[Stored data]

--------------------------------------------------

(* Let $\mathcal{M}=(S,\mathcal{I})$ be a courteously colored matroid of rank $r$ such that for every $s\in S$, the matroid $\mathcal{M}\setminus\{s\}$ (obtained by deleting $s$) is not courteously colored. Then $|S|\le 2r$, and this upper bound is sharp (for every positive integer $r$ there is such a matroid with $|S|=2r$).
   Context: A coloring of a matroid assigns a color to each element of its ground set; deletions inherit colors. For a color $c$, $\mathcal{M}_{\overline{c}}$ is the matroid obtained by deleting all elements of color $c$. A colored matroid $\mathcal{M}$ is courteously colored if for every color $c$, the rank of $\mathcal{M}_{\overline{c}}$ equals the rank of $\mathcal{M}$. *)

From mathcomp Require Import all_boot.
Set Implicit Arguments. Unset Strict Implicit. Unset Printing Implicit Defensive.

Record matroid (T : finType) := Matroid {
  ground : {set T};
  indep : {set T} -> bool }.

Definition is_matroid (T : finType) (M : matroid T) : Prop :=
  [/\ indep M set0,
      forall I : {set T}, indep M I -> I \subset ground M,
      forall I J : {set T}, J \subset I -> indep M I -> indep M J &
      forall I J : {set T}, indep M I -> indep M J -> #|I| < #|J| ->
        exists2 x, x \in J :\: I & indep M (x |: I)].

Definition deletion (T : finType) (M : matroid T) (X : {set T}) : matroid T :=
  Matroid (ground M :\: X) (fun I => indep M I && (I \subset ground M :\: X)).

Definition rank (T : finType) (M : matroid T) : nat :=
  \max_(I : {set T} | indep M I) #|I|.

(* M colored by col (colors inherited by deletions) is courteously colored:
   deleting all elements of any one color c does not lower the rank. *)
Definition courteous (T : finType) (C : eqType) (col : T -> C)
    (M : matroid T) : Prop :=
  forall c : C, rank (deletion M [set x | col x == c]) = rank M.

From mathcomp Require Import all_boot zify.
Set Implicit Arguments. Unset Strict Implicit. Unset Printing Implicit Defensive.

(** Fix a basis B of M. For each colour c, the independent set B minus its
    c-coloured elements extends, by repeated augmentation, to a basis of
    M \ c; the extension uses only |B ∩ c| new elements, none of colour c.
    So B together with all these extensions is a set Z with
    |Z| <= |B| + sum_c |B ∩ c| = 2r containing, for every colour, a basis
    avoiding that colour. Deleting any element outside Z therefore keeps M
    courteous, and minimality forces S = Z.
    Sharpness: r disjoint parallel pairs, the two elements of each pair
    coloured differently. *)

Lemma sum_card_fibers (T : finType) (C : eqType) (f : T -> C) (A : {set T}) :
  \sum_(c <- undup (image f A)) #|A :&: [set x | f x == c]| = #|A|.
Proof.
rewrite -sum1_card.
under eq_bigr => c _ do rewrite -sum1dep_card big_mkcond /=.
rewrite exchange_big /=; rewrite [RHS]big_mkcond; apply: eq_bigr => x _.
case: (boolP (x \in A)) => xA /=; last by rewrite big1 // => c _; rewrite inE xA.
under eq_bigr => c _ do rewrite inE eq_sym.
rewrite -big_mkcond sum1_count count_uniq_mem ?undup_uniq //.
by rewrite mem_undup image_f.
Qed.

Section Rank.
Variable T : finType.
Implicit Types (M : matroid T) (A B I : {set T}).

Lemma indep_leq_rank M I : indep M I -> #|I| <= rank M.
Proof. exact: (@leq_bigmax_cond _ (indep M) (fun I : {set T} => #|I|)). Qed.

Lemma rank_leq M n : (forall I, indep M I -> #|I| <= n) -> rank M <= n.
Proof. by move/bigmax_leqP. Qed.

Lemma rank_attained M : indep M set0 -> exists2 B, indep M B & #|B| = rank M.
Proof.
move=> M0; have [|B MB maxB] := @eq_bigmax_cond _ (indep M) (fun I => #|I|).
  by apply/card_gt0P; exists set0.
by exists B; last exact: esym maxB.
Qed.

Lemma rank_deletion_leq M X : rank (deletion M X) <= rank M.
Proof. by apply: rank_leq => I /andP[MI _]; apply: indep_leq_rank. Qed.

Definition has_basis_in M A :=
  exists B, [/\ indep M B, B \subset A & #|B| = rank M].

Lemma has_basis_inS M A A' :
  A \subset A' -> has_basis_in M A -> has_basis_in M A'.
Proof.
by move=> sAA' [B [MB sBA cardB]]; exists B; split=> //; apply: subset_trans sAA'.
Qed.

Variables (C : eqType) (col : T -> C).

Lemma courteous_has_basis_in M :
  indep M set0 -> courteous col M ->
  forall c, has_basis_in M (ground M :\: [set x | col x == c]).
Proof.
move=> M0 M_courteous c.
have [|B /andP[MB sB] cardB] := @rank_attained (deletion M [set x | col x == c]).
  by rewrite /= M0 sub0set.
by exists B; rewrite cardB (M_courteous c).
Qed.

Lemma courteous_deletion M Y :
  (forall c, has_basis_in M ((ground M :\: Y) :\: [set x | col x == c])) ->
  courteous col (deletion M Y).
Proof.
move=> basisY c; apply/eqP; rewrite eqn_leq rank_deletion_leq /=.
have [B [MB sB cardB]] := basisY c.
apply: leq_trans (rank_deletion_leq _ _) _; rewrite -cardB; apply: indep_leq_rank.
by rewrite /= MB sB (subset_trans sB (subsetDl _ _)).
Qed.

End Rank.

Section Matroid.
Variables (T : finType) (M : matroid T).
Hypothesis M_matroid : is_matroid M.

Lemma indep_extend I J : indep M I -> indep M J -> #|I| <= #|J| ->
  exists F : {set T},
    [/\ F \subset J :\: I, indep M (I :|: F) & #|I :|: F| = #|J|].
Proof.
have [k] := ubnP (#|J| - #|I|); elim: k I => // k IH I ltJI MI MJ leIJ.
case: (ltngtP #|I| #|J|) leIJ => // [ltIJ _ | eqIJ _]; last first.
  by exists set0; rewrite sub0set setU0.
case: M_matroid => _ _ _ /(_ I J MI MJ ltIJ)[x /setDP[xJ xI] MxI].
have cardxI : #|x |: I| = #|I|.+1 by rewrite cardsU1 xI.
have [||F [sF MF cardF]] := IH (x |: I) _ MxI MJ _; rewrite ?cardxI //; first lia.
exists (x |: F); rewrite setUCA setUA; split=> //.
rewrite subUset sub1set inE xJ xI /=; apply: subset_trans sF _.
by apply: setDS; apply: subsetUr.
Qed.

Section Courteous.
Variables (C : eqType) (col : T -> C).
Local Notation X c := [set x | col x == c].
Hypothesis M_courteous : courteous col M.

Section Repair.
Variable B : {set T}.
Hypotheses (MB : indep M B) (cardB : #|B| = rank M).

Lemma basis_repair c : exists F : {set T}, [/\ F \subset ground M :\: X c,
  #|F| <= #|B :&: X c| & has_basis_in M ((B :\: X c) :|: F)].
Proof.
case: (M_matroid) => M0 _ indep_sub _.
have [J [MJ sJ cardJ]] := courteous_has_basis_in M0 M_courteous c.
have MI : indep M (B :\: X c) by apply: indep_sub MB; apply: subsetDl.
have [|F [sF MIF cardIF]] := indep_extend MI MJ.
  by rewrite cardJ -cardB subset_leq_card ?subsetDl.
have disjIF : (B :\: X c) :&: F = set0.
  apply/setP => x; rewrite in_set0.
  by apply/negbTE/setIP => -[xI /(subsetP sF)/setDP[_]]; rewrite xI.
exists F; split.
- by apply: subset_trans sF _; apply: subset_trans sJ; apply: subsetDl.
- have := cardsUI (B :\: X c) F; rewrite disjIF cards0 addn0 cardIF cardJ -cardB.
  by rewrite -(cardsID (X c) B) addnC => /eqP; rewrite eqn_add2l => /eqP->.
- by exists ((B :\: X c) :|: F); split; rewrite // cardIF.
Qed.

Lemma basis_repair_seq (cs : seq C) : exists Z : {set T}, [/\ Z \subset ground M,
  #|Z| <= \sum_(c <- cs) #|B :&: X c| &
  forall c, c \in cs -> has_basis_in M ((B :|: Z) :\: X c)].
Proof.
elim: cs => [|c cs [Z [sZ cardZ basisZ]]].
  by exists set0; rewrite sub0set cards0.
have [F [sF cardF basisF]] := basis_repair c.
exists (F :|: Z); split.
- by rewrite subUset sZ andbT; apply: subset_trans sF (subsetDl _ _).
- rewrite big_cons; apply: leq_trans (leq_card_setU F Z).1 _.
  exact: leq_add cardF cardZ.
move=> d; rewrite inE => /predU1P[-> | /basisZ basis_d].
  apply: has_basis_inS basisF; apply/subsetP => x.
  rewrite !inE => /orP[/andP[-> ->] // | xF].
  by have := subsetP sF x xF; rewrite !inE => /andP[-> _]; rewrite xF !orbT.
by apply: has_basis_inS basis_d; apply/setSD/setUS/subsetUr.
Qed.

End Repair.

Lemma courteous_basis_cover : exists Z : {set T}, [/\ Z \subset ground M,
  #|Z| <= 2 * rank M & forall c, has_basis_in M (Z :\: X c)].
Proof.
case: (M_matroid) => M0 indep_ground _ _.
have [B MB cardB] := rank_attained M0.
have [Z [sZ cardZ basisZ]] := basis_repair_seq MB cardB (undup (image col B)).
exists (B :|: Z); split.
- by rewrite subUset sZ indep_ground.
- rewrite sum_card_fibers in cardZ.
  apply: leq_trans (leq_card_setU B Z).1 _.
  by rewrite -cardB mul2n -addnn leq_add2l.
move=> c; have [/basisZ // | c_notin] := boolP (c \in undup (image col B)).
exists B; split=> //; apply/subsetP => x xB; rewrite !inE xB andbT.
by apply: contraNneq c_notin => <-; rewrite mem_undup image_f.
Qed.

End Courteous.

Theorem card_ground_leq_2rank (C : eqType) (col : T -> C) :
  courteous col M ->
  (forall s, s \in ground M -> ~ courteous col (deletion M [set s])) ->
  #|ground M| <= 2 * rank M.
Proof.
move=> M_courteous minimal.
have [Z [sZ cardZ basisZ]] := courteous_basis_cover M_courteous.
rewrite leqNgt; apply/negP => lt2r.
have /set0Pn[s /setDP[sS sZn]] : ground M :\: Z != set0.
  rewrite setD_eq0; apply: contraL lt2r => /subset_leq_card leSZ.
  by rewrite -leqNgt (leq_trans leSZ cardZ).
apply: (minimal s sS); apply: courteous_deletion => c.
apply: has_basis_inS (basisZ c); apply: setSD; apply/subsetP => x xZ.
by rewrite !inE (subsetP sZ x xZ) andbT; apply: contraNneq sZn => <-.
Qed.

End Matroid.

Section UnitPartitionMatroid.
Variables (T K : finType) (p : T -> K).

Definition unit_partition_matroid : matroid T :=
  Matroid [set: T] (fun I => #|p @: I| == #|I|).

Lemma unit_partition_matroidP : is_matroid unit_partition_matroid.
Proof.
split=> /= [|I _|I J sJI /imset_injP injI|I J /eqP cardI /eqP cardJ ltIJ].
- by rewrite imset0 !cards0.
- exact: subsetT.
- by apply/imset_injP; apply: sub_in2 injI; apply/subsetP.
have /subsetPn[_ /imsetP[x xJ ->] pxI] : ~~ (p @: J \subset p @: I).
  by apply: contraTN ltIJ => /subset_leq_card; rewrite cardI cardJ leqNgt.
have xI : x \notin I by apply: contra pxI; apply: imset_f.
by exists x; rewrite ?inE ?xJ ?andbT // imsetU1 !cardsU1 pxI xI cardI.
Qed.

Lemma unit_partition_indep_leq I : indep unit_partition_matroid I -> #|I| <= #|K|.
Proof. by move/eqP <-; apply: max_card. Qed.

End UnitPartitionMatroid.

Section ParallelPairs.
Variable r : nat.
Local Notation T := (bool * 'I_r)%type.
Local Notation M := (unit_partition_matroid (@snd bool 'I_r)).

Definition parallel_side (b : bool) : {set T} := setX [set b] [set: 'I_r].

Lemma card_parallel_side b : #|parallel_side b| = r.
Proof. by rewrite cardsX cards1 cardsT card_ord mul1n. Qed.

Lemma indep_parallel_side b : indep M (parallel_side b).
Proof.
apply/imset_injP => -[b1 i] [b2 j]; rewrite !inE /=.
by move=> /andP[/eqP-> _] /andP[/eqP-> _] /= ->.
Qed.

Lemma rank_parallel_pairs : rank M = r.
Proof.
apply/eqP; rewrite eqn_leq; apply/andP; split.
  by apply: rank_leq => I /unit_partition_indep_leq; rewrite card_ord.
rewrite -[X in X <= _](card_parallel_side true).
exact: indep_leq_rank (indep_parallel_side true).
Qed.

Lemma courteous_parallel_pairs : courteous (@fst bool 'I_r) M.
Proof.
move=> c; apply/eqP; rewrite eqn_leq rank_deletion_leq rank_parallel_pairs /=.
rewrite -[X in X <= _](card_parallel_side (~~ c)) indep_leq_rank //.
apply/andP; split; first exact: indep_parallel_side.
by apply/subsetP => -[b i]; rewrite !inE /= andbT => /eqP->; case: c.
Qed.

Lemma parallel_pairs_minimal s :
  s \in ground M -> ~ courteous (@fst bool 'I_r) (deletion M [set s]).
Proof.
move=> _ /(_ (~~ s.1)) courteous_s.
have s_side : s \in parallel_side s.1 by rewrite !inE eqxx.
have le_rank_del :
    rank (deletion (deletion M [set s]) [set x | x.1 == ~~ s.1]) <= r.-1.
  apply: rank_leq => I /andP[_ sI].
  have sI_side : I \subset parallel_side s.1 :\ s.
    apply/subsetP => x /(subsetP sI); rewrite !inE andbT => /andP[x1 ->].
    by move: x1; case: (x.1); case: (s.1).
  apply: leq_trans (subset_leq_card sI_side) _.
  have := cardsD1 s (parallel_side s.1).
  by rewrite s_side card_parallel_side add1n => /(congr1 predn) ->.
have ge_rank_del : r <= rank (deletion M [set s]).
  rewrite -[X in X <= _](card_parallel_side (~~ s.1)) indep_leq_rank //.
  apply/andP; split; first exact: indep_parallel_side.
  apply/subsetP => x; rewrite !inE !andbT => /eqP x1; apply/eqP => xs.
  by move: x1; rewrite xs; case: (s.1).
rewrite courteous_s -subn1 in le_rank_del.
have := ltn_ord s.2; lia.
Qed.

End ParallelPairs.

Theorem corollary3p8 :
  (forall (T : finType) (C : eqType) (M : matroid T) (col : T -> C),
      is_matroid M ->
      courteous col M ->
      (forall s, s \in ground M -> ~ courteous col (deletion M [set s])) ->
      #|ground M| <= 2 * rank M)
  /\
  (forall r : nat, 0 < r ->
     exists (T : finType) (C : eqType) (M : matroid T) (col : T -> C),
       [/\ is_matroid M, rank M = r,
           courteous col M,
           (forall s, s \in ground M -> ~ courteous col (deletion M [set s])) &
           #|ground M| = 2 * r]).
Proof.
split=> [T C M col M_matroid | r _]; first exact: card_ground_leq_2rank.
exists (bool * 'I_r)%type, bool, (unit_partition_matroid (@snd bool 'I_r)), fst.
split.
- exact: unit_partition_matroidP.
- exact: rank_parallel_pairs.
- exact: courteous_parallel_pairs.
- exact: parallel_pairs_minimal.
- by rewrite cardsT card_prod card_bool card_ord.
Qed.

--------------------------------------------------

■ **Task brief**: Reproduce exactly the section above that begins at the line containing "forall c, has_basis_in M (ground" and ends at the line containing "- by apply: subset_trans", leaving out all other lines.

■ **Written answer**:
  forall c, has_basis_in M (ground M :\: [set x | col x == c]).
Proof.
move=> M0 M_courteous c.
have [|B /andP[MB sB] cardB] := @rank_attained (deletion M [set x | col x == c]).
  by rewrite /= M0 sub0set.
by exists B; rewrite cardB (M_courteous c).
Qed.

Lemma courteous_deletion M Y :
  (forall c, has_basis_in M ((ground M :\: Y) :\: [set x | col x == c])) ->
  courteous col (deletion M Y).
Proof.
move=> basisY c; apply/eqP; rewrite eqn_leq rank_deletion_leq /=.
have [B [MB sB cardB]] := basisY c.
apply: leq_trans (rank_deletion_leq _ _) _; rewrite -cardB; apply: indep_leq_rank.
by rewrite /= MB sB (subset_trans sB (subsetDl _ _)).
Qed.

End Rank.

Section Matroid.
Variables (T : finType) (M : matroid T).
Hypothesis M_matroid : is_matroid M.

Lemma indep_extend I J : indep M I -> indep M J -> #|I| <= #|J| ->
  exists F : {set T},
    [/\ F \subset J :\: I, indep M (I :|: F) & #|I :|: F| = #|J|].
Proof.
have [k] := ubnP (#|J| - #|I|); elim: k I => // k IH I ltJI MI MJ leIJ.
case: (ltngtP #|I| #|J|) leIJ => // [ltIJ _ | eqIJ _]; last first.
  by exists set0; rewrite sub0set setU0.
case: M_matroid => _ _ _ /(_ I J MI MJ ltIJ)[x /setDP[xJ xI] MxI].
have cardxI : #|x |: I| = #|I|.+1 by rewrite cardsU1 xI.
have [||F [sF MF cardF]] := IH (x |: I) _ MxI MJ _; rewrite ?cardxI //; first lia.
exists (x |: F); rewrite setUCA setUA; split=> //.
rewrite subUset sub1set inE xJ xI /=; apply: subset_trans sF _.
by apply: setDS; apply: subsetUr.
Qed.

Section Courteous.
Variables (C : eqType) (col : T -> C).
Local Notation X c := [set x | col x == c].
Hypothesis M_courteous : courteous col M.

Section Repair.
Variable B : {set T}.
Hypotheses (MB : indep M B) (cardB : #|B| = rank M).

Lemma basis_repair c : exists F : {set T}, [/\ F \subset ground M :\: X c,
  #|F| <= #|B :&: X c| & has_basis_in M ((B :\: X c) :|: F)].
Proof.
case: (M_matroid) => M0 _ indep_sub _.
have [J [MJ sJ cardJ]] := courteous_has_basis_in M0 M_courteous c.
have MI : indep M (B :\: X c) by apply: indep_sub MB; apply: subsetDl.
have [|F [sF MIF cardIF]] := indep_extend MI MJ.
  by rewrite cardJ -cardB subset_leq_card ?subsetDl.
have disjIF : (B :\: X c) :&: F = set0.
  apply/setP => x; rewrite in_set0.
  by apply/negbTE/setIP => -[xI /(subsetP sF)/setDP[_]]; rewrite xI.
exists F; split.
- by apply: subset_trans sF _; apply: subset_trans sJ; apply: subsetDl.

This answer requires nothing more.